I don't know what I could have possibly done in a past life to deserve watching my boyfriend projectile vomit margaritas and probs blood while completely naked.
how did we ever eat at restaurants where they DIDNT squirt-gun tequila in our mouths?
i got us a cheese tray and a bottle of whiskey
ugh yes i love our date nights
Man, I must say, having known you since preschool, Eiffel-Tower-ing her would've fully completed our journey to brotherhood.
Restaurants Roasting People Who Gave Them Negative Yelp Reviews (25 Pics)
I JUST MET THE GIANT MAN THAT WILL CARRY ME FROM PLACE TO PLACE
The next time you try to involve a tickle me Elmo in my orgasm, I'm leaving you
I think I was the only one who knew you were acting like you weren't drunk in public issues discussion this morning. Make sure you thank me in your Academy Award Speech someday.

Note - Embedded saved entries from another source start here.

(* For all integers $m,k\ge 0$, $$\zeta(\bar 1,\{1\}_m,\bar 1,\{1\}_k)=\frac{(-1)^{m+k+1}}{k!}\sum_{j=0}^{k}(-1)^j(\ln 2)^{k-j}j!\binom{k}{j}\left\{\zeta(m+2,\{1\}_j)-\sum_{l=0}^{m+1}\frac{(\ln 2)^{m+1-l}}{(m+1-l)!}\mathrm{Li}_{l+1,\{1\}_j}\!\left(\tfrac12\right)\right\}.$$
   Context: For nonzero integers $s_1,\dots,s_k$, with $\operatorname{sgn}(s)=1$ if $s>0$ and $-1$ if $s<0$, the multiple zeta value is $\zeta(s_1,\dots,s_k)=\sum_{n_1>n_2>\cdots>n_k\ge 1}\prod_{j=1}^k n_j^{-|s_j|}\operatorname{sgn}(s_j)^{n_j}$. A barred entry $\bar p$ denotes the negative entry $-p$. The notation $\{1\}_d$ means the entry $1$ repeated $d$ times ($d=0$ means no entries). For positive integers $s_1,\dots,s_r$ and $0\le x<1$, the multiple polylogarithm is $\mathrm{Li}_{s_1,\dots,s_r}(x)=\sum_{n_1>\cdots>n_r>0}\frac{x^{n_1}}{n_1^{s_1}\cdots n_r^{s_r}}$. *)

From Stdlib Require Import Reals ZArith List.
From Coquelicot Require Import Coquelicot.
Open Scope R_scope.

Definition sgn_pow (a : Z) (n : nat) : R :=
  if (a <? 0)%Z then (-1) ^ n else 1.

(* Truncated (alternating) multiple zeta sum:
   mzv_trunc s N = sum_{N >= n_1 > n_2 > ... > n_k >= 1}
                     prod_j sgn(s_j)^{n_j} / n_j^{|s_j|}   (empty product = 1). *)
Fixpoint mzv_trunc (s : list Z) (N : nat) : R :=
  match s with
  | nil => 1
  | a :: r =>
      (fix go (M : nat) : R :=
         match M with
         | O => 0
         | S n => go n + sgn_pow a (S n) / (INR (S n)) ^ (Z.abs_nat a) * mzv_trunc r n
         end) N
  end.

(* Multiple zeta value: limit of the partial sums over n_1 <= N
   (the standard meaning of the nested series, including the conditionally
   convergent alternating case). *)
Definition mzv (s : list Z) : R := real (Lim_seq (mzv_trunc s)).

(* Truncated multiple polylogarithm:
   sum_{N >= n_1 > ... > n_r > 0} x^{n_1} / (n_1^{s_1} ... n_r^{s_r}). *)
Definition Li_trunc (s : list nat) (x : R) (N : nat) : R :=
  match s with
  | nil => 1
  | a :: r =>
      (fix go (M : nat) : R :=
         match M with
         | O => 0
         | S n => go n + x ^ (S n) / (INR (S n)) ^ a * mzv_trunc (map Z.of_nat r) n
         end) N
  end.
(* For any sets $X,Y$, the map $(-)^\dagger:(X\to\mathcal W(Y))\to(\mathcal W(X)\to\mathcal W(Y))$ is Scott continuous, where function spaces carry the pointwise order.
   Context: $\mathcal A=\langle U,+,\cdot,\mathbf 0,\mathbf 1\rangle$ is a partial semiring ($+$ commutative, associative, possibly partial, unit $\mathbf 0$; $\cdot$ total, associative, unit $\mathbf 1$; two-sided distributivity; $\mathbf 0$ annihilates), naturally ordered ($u\le v$ iff $\exists w.\,u+w=v$ is a partial order), Scott continuous (for every directed $D\subseteq U$ and $y$: $\sup_{x\in D}(x+y)=(\sup D)+y$, $\sup_{x\in D}(x\cdot y)=(\sup D)\cdot y$, $\sup_{x\in D}(y\cdot x)=y\cdot\sup D$), with a top element. Infinite sums are suprema of finite partial sums. $\mathcal W(X)$: maps $m:X\to U$ with countable support $\mathrm{supp}(m)=\{x:m(x)\neq\mathbf 0\}$ and defined mass $\sum_{x\in\mathrm{supp}(m)}m(x)$, ordered by $m_1\sqsubseteq m_2$ iff $m_1+m=m_2$ for some $m$ (operations pointwise). Functions $f,g:X\to\mathcal W(Y)$ are ordered by $f\sqsubseteq^\bullet g$ iff $f(x)\sqsubseteq g(x)$ for all $x$; similarly for functions $\mathcal W(X)\to\mathcal W(Y)$. $f^\dagger(m)(y)=\sum_{x\in\mathrm{supp}(m)}m(x)\cdot f(x)(y)$. Scott continuous means preserving suprema of directed sets. *)

From Stdlib Require Import List ClassicalEpsilon.
Import ListNotations.
Set Implicit Arguments.

Record PSR := mkPSR {
  car :> Type;
  padd : car -> car -> option car;
  pmul : car -> car -> car;
  pzero : car;
  pone : car }.

Definition obind {T : Type} (o : option T) (f : T -> option T) : option T :=
  match o with Some a => f a | None => None end.

Section Defs.
Variable A : PSR.

Definition le (u v : A) : Prop := exists w, padd A u w = Some v.

Definition directed {T : Type} (R : T -> T -> Prop) (D : T -> Prop) : Prop :=
  (exists x, D x) /\
  forall x y, D x -> D y -> exists z, D z /\ R x z /\ R y z.

Definition is_sup_in {T : Type} (P : T -> Prop) (R : T -> T -> Prop)
  (D : T -> Prop) (s : T) : Prop :=
  P s /\ (forall x, D x -> R x s) /\
  (forall t, P t -> (forall x, D x -> R x t) -> R s t).

Definition is_sup (D : A -> Prop) (s : A) : Prop :=
  is_sup_in (fun _ => True) le D s.

Record PSR_axioms : Prop := {
  add_comm : forall u v, padd A u v = padd A v u;
  add_assoc : forall u v w,
    obind (padd A u v) (fun a => padd A a w) = obind (padd A v w) (fun a => padd A u a);
  add_zero : forall u, padd A u (pzero A) = Some u;
  mul_assoc : forall u v w, pmul A u (pmul A v w) = pmul A (pmul A u v) w;
  mul_one_l : forall u, pmul A (pone A) u = u;
  mul_one_r : forall u, pmul A u (pone A) = u;
  distr_l : forall u v w s, padd A v w = Some s ->
    padd A (pmul A u v) (pmul A u w) = Some (pmul A u s);
  distr_r : forall u v w s, padd A v w = Some s ->
    padd A (pmul A v u) (pmul A w u) = Some (pmul A s u);
  mul_zero_l : forall u, pmul A (pzero A) u = pzero A;
  mul_zero_r : forall u, pmul A u (pzero A) = pzero A;
  le_refl : forall u, le u u;
  le_trans : forall u v w, le u v -> le v w -> le u w;
  le_antisym : forall u v, le u v -> le v u -> u = v;
  has_top : exists t, forall u, le u t;
  (* sup D exists for every directed D (presupposed by the continuity axioms) *)
  dir_complete : forall D, directed le D -> exists s, is_sup D s;
  (* sup_{x in D} (x + y) = (sup D) + y, as a Kleene equality *)
  cont_add : forall D s y, directed le D -> is_sup D s -> forall v,
    padd A s y = Some v <->
    ((forall x, D x -> exists w, padd A x y = Some w) /\
     is_sup (fun w => exists x, D x /\ padd A x y = Some w) v);
  cont_mul_l : forall D s y, directed le D -> is_sup D s ->
    is_sup (fun w => exists x, D x /\ w = pmul A x y) (pmul A s y);
  cont_mul_r : forall D s y, directed le D -> is_sup D s ->
    is_sup (fun w => exists x, D x /\ w = pmul A y x) (pmul A y s) }.

Fixpoint fsum {I : Type} (u : I -> A) (l : list I) : option A :=
  match l with
  | [] => Some (pzero A)
  | x :: l' => obind (fsum u l') (fun a => padd A (u x) a)
  end.

Definition has_sum {I : Type} (u : I -> A) (S : I -> Prop) (v : A) : Prop :=
  (forall l, NoDup l -> (forall i, In i l -> S i) -> exists w, fsum u l = Some w) /\
  is_sup (fun w => exists l, NoDup l /\ (forall i, In i l -> S i) /\ fsum u l = Some w) v.

(** the value of the sum (unspecified if the sum is undefined) *)
Definition isum {I : Type} (u : I -> A) (S : I -> Prop) : A :=
  epsilon (inhabits (pzero A)) (has_sum u S).

Definition supp {X : Type} (m : X -> A) : X -> Prop := fun x => m x <> pzero A.

Definition countable {X : Type} (S : X -> Prop) : Prop :=
  exists g : X -> nat, forall x y, S x -> S y -> g x = g y -> x = y.

Definition isW {X : Type} (m : X -> A) : Prop :=
  countable (supp m) /\ exists v, has_sum m (supp m) v.

Definition leW {X : Type} (m1 m2 : X -> A) : Prop :=
  exists m, isW m /\ forall x, padd A (m1 x) (m x) = Some (m2 x).

Definition isKl {X Y : Type} (f : X -> Y -> A) : Prop := forall x, isW (f x).
Definition leKl {X Y : Type} (f g : X -> Y -> A) : Prop := forall x, leW (f x) (g x).
Definition isWW {X Y : Type} (h : (X -> A) -> (Y -> A)) : Prop :=
  forall m, isW m -> isW (h m).
Definition leWW {X Y : Type} (h k : (X -> A) -> (Y -> A)) : Prop :=
  forall m, isW m -> leW (h m) (k m).

Definition dagger {X Y : Type} (f : X -> Y -> A) (m : X -> A) : Y -> A :=
  fun y => isum (fun x => pmul A (m x) (f x y)) (supp m).

End Defs.

(* Suprema in the Kleisli order are computed pointwise, and f^dagger(m)(y) is the
   directed supremum of the finite partial sums of x |-> m(x) f(x)(y).  Scott
   continuity of + in each argument makes finite sums jointly continuous in their
   summands, so a directed supremum of Kleisli maps passes through every partial sum
   and then through the supremum over partial sums.  That s^dagger(m) is again in
   W(Y) is a Fubini argument: a finite partial sum over y of s^dagger(m)(y) is the
   countable sum over x of m(x) times a finite sum of s(x), which exists because it
   is bounded by m(x) times the top element. *)

From Stdlib Require Import List ClassicalEpsilon Classical Permutation Cantor.
Import ListNotations.

Section PartialSemiring.
Variable A : PSR.
Hypothesis HA : PSR_axioms A.

Lemma padd_0l (u : A) : padd A (pzero A) u = Some u.
Proof. rewrite (add_comm HA). apply (add_zero HA). Qed.

Definition oadd (o1 o2 : option A) : option A :=
  match o1, o2 with Some a, Some b => padd A a b | _, _ => None end.

Definition oget (o : option A) : A := match o with Some a => a | None => pzero A end.

Lemma oadd_comm o1 o2 : oadd o1 o2 = oadd o2 o1.
Proof. destruct o1, o2; simpl; try apply (add_comm HA); reflexivity. Qed.

Lemma oadd_assoc o1 o2 o3 : oadd (oadd o1 o2) o3 = oadd o1 (oadd o2 o3).
Proof.
  destruct o1 as [u|], o2 as [v|], o3 as [w|]; simpl; auto.
  - exact (add_assoc HA u v w).
  - destruct (padd A u v); reflexivity.
Qed.

Lemma oadd_0l o : oadd (Some (pzero A)) o = o.
Proof. destruct o; simpl; auto using padd_0l. Qed.

Lemma oadd_ACA a b c d : oadd (oadd a b) (oadd c d) = oadd (oadd a c) (oadd b d).
Proof.
  rewrite !oadd_assoc. f_equal. rewrite <- !oadd_assoc. f_equal. apply oadd_comm.
Qed.

Fixpoint osum {I} (u : I -> option A) (l : list I) : option A :=
  match l with [] => Some (pzero A) | i :: l' => oadd (u i) (osum u l') end.

Lemma fsum_osum {I} (u : I -> A) l : fsum A u l = osum (fun i => Some (u i)) l.
Proof. induction l as [|x l IH]; simpl; [reflexivity|]. rewrite <- IH. reflexivity. Qed.

Lemma osum_app {I} (u : I -> option A) l1 l2 :
  osum u (l1 ++ l2) = oadd (osum u l1) (osum u l2).
Proof.
  induction l1 as [|x l1 IH]; cbn [osum app].
  - now rewrite oadd_0l.
  - now rewrite IH, oadd_assoc.
Qed.

Lemma osum_perm {I} (u : I -> option A) {l l'} : Permutation l l' -> osum u l = osum u l'.
Proof.
  induction 1; cbn [osum]; try congruence.
  rewrite <- !oadd_assoc, (oadd_comm (u y)). reflexivity.
Qed.

Lemma osum_oadd {I} (u v : I -> option A) l :
  osum (fun i => oadd (u i) (v i)) l = oadd (osum u l) (osum v l).
Proof.
  induction l as [|x l IH]; cbn [osum].
  - now rewrite oadd_0l.
  - now rewrite IH, oadd_ACA.
Qed.

Lemma osum_ext {I} (u v : I -> option A) l :
  (forall i, In i l -> u i = v i) -> osum u l = osum v l.
Proof.
  induction l as [|x l IH]; intros H; cbn [osum]; [reflexivity|].
  rewrite H by (left; reflexivity). f_equal. apply IH. intros i Hi. apply H. right. exact Hi.
Qed.

Lemma osum_zero {I} (l : list I) : osum (fun _ => Some (pzero A)) l = Some (pzero A).
Proof. induction l as [|x l IH]; cbn [osum]; [reflexivity|]. now rewrite IH, oadd_0l. Qed.

Lemma osum_exchange {I J} (F : I -> J -> option A) K L :
  osum (fun i => osum (F i) L) K = osum (fun j => osum (fun i => F i j) K) L.
Proof.
  induction K as [|i K IH]; cbn [osum].
  - symmetry. apply osum_zero.
  - rewrite IH, <- osum_oadd. reflexivity.
Qed.

Lemma le_0l (u : A) : le A (pzero A) u.
Proof. exists u. apply padd_0l. Qed.

Lemma le_padd_l {u v r : A} : padd A u v = Some r -> le A u r.
Proof. intros H. now exists v. Qed.

Lemma padd_le {a a' b b' c' : A} : le A a a' -> le A b b' -> padd A a' b' = Some c' ->
  exists c, padd A a b = Some c /\ le A c c'.
Proof.
  intros [w1 H1] [w2 H2] H.
  assert (E : oadd (oadd (Some a) (Some b)) (oadd (Some w1) (Some w2)) = Some c').
  { rewrite oadd_ACA. simpl. rewrite H1, H2. exact H. }
  simpl in E. destruct (padd A a b) as [c|], (padd A w1 w2) as [w|]; simpl in E; try discriminate.
  exists c. split; [reflexivity | now exists w].
Qed.

Lemma pmul_le_l (c : A) {a b : A} : le A a b -> le A (pmul A c a) (pmul A c b).
Proof. intros [w H]. exists (pmul A c w). now apply (distr_l HA). Qed.

Lemma fsum_le {I} (u v : I -> A) l b :
  (forall i, In i l -> le A (u i) (v i)) -> fsum A v l = Some b ->
  exists a, fsum A u l = Some a /\ le A a b.
Proof.
  revert b; induction l as [|x l IH]; simpl; intros b Huv Hv.
  - exists (pzero A). injection Hv as <-. split; [reflexivity | apply (le_refl HA)].
  - destruct (fsum A v l) as [b'|]; simpl in Hv; [|discriminate].
    destruct (IH b' (fun i Hi => Huv i (or_intror Hi)) eq_refl) as [a' [-> Ha']].
    exact (padd_le (Huv x (or_introl eq_refl)) Ha' Hv).
Qed.

Lemma fsum_pmul_l {I} c (u : I -> A) l a :
  fsum A u l = Some a -> fsum A (fun i => pmul A c (u i)) l = Some (pmul A c a).
Proof.
  revert a; induction l as [|x l IH]; simpl; intros a H.
  - injection H as <-. now rewrite (mul_zero_r HA).
  - destruct (fsum A u l) as [b|]; simpl in H; [|discriminate].
    rewrite (IH b eq_refl). simpl. now apply (distr_l HA).
Qed.

Lemma fsum_pmul_r {I} c (u : I -> A) l a :
  fsum A u l = Some a -> fsum A (fun i => pmul A (u i) c) l = Some (pmul A a c).
Proof.
  revert a; induction l as [|x l IH]; simpl; intros a H.
  - injection H as <-. now rewrite (mul_zero_l HA).
  - destruct (fsum A u l) as [b|]; simpl in H; [|discriminate].
    rewrite (IH b eq_refl). simpl. now apply (distr_r HA).
Qed.

Lemma fsum_zero {I} (u : I -> A) l :
  (forall i, In i l -> u i = pzero A) -> fsum A u l = Some (pzero A).
Proof.
  induction l as [|x l IH]; simpl; intros H; [reflexivity|].
  rewrite IH by auto. simpl. rewrite H by auto. apply (add_zero HA).
Qed.

Lemma NoDup_incl_Permutation {I} {l1 l : list I} :
  NoDup l1 -> incl l1 l -> NoDup l -> exists l2, Permutation l (l1 ++ l2).
Proof.
  intros N1 Hincl N.
  exists (filter (fun i => if excluded_middle_informative (In i l1) then false else true) l).
  apply NoDup_Permutation; [exact N | apply NoDup_app; [exact N1 | apply NoDup_filter, N |] |].
  - intros i H1 H2. apply filter_In in H2 as [_ H2].
    destruct excluded_middle_informative; [discriminate | contradiction].
  - intros i. rewrite in_app_iff, filter_In.
    destruct (excluded_middle_informative (In i l1)); intuition (discriminate || auto).
Qed.

Lemma fsum_incl_le {I} (u : I -> A) K1 K2 a b :
  NoDup K1 -> incl K1 K2 -> NoDup K2 ->
  fsum A u K1 = Some a -> fsum A u K2 = Some b -> le A a b.
Proof.
  intros N1 Hincl N2 Ea Eb. destruct (NoDup_incl_Permutation N1 Hincl N2) as [K P].
  rewrite fsum_osum, (osum_perm _ P), osum_app, <- !fsum_osum, Ea in Eb.
  destruct (fsum A u K) as [c|]; simpl in Eb; [|discriminate].
  exact (le_padd_l Eb).
Qed.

So I was bartending last night and this guy w/ his gf said that he recognized me, so I asked him, "do you watch a lot of gay porn?"
I don't know his last name, but he's in phone as Pat the conqueror.
Woman Posts Harassing DMs From Creep Online, Now He’s Upset Because People Told His Mom
apparently when a guy says "if there's anything missing in your life, I will provide" he's not expecting attractive lesbians to be the answer.
Sex followed by chicken and waffles... Hands down my favorite morning plans. Count me in.
I was figuring I'd break up with her after work, but before Taco Tuesday
I don't think I've ever had this many people offer me blow before. 3 o'clock on a Thursday. I keep good company.
Your life is a soap opera of great sex, cats, and booze.
I'm on someone's yacht. I don't know who. But I'm on it. There's a guy passed out in a kilt holding bagpipes. Help.